EXERCISE DATA:
★ ★ ★ ★ ★

Definition entails (Gamma Delta : fset) : Prop :=
  exists (G D : list form),
    (forall f, In f G -> Gamma f) /\ (forall f, In f D -> Delta f) /\
    ITL0 (Imp (bigAnd G) (bigOr D)).

Definition ftype := (fset * fset)%type.
Definition neg (P : ftype) : fset := fst P.
Definition pos (P : ftype) : fset := snd P.

Definition prime_type (P : ftype) : Prop :=
  (forall f, neg P f \/ pos P f) /\ ~ entails (pos P) (neg P).

Definition sigma_type (Sigma : fset) (P : ftype) : Prop :=
  (forall f, ~ (neg P f /\ pos P f)) /\
  (forall f, Sigma f <-> (neg P f \/ pos P f)) /\
  ~ pos P Bot /\
  (forall f g, Sigma (And f g) -> (pos P (And f g) <-> (pos P f /\ pos P g))) /\
  (forall f g, Sigma (Or f g) -> (pos P (Or f g) <-> (pos P f \/ pos P g))) /\
  (forall f g, pos P (Imp f g) -> neg P f \/ pos P g) /\
  (forall f, neg P (Dia f) -> neg P f).

Definition le_T (P Q : ftype) : Prop := forall f, pos P f -> pos Q f.

Definition S_T (P Q : ftype) : Prop :=
  (forall f, pos P (Next f) -> pos Q f) /\
  (forall f, neg P (Next f) -> neg Q f) /\
  (forall f, pos P (Dia f) /\ neg P f -> pos Q (Dia f)) /\
  (forall f, neg P (Dia f) -> neg Q (Dia f)).

Definition partial_order {W : Type} (R : W -> W -> Prop) : Prop :=
  (forall w, R w w) /\
  (forall u v w, R u v -> R v w -> R u w) /\
  (forall u v, R u v -> R v u -> u = v).

Definition labelled_frame (Sigma : fset) {W : Type}
    (le : W -> W -> Prop) (l : W -> ftype) : Prop :=
  partial_order le /\
  (forall w, sigma_type Sigma (l w)) /\
  (forall w v, le w v -> le_T (l w) (l v)) /\
  (forall w f g, neg (l w) (Imp f g) ->
     exists v, le w v /\ pos (l v) f /\ neg (l v) g).

Definition forward_confluent {W : Type} (le S : W -> W -> Prop) : Prop :=
  forall w w' v, le w w' -> S w v -> exists v', le v v' /\ S w' v'.

Definition sensible {W : Type} (S : W -> W -> Prop) (l : W -> ftype) : Prop :=
  forall w v, S w v -> S_T (l w) (l v).

Definition weak_quasimodel (Sigma : fset) {W : Type}
    (le S : W -> W -> Prop) (l : W -> ftype) : Prop :=
  labelled_frame Sigma le l /\ forward_confluent le S /\ sensible S l.

Definition is_function {W : Type} (S : W -> W -> Prop) : Prop :=
  forall w, exists v, S w v /\ forall v', S w v' -> v' = v.

Definition deterministic_weak_quasimodel (Sigma : fset) {W : Type}
    (le S : W -> W -> Prop) (l : W -> ftype) : Prop :=
  weak_quasimodel Sigma le S l /\ is_function S.

Definition Lang : fset := fun _ => True.

Definition Wc : Type := { P : ftype | prime_type P }.
Definition le_c (x y : Wc) : Prop := le_T (proj1_sig x) (proj1_sig y).
Definition S_c (x y : Wc) : Prop := S_T (proj1_sig x) (proj1_sig y).
Definition l_c (x : Wc) : ftype := proj1_sig x.

(* A prime type is closed under derivability and has the disjunction
   property, so it satisfies every clause of an L-type.  The successor of a
   prime type Phi is forced: S_T Phi Psi already determines Psi^+ as
   {phi | Next phi in Phi^+}, and this "next" type is again prime because
   Next commutes with bot, /\ and \/ and with derivations (necessitation).
   The Diamond clauses of S_T come from the unfolding Dia phi -> phi \/ Next
   (Dia phi), obtained from the induction rule.  Implication witnesses are
   supplied by the Lindenbaum lemma, and forward confluence holds because
   the successor map is monotone. *)
From Stdlib Require Import List Classical FunctionalExtensionality
  PropExtensionality ProofIrrelevance PeanoNat.
From Stdlib Require Cantor.
Import ListNotations.

Inductive derivable (H : list form) : form -> Prop :=
| derivable_hyp : forall f, In f H -> derivable H f
| derivable_thm : forall f, ITL0 f -> derivable H f
| derivable_mp : forall f g, derivable H (Imp f g) -> derivable H f -> derivable H g.

Lemma derivable_head H a : derivable (a :: H) a.
Proof. apply derivable_hyp; left; reflexivity. Qed.

Lemma derivable_thm_mp H p q : ITL0 (Imp p q) -> derivable H p -> derivable H q.
Proof. intros hpq hp; apply derivable_mp with p; [apply derivable_thm|]; assumption. Qed.

Lemma derivable_thm_mp2 H p q r :
  ITL0 (Imp p (Imp q r)) -> derivable H p -> derivable H q -> derivable H r.
Proof.
  intros hpqr hp hq; apply derivable_mp with q; [|assumption].
  apply derivable_thm_mp with p; assumption.
Qed.

Lemma ITL0_imp_refl p : ITL0 (Imp p p).
Proof.
  apply r_mp with (Imp p (Imp p p)); [|apply ax_K].
  apply r_mp with (Imp p (Imp (Imp p p) p)); [apply ax_S|apply ax_K].
Qed.

Lemma derivable_deduction H a b : derivable (a :: H) b -> derivable H (Imp a b).
Proof.
  induction 1 as [f [<-|hf]|f hf|f g _ IHfg _ IHf].
  - apply derivable_thm, ITL0_imp_refl.
  - apply derivable_thm_mp with f; [apply ax_K|apply derivable_hyp; assumption].
  - apply derivable_thm_mp with f; [apply ax_K|apply derivable_thm; assumption].
  - apply derivable_thm_mp2 with (Imp a (Imp f g)) (Imp a f); [apply ax_S|..]; assumption.
Qed.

★ ★ ★ ★ ★

ACTION ITEM:
Retype the first line of the entries and every line after it, please, through the line that contains "Definition prime_type (P". Add nothing.

EXERCISE OUTPUT:
Definition entails (Gamma Delta : fset) : Prop :=
  exists (G D : list form),
    (forall f, In f G -> Gamma f) /\ (forall f, In f D -> Delta f) /\
    ITL0 (Imp (bigAnd G) (bigOr D)).

Definition ftype := (fset * fset)%type.
Definition neg (P : ftype) : fset := fst P.
Definition pos (P : ftype) : fset := snd P.

Definition prime_type (P : ftype) : Prop :=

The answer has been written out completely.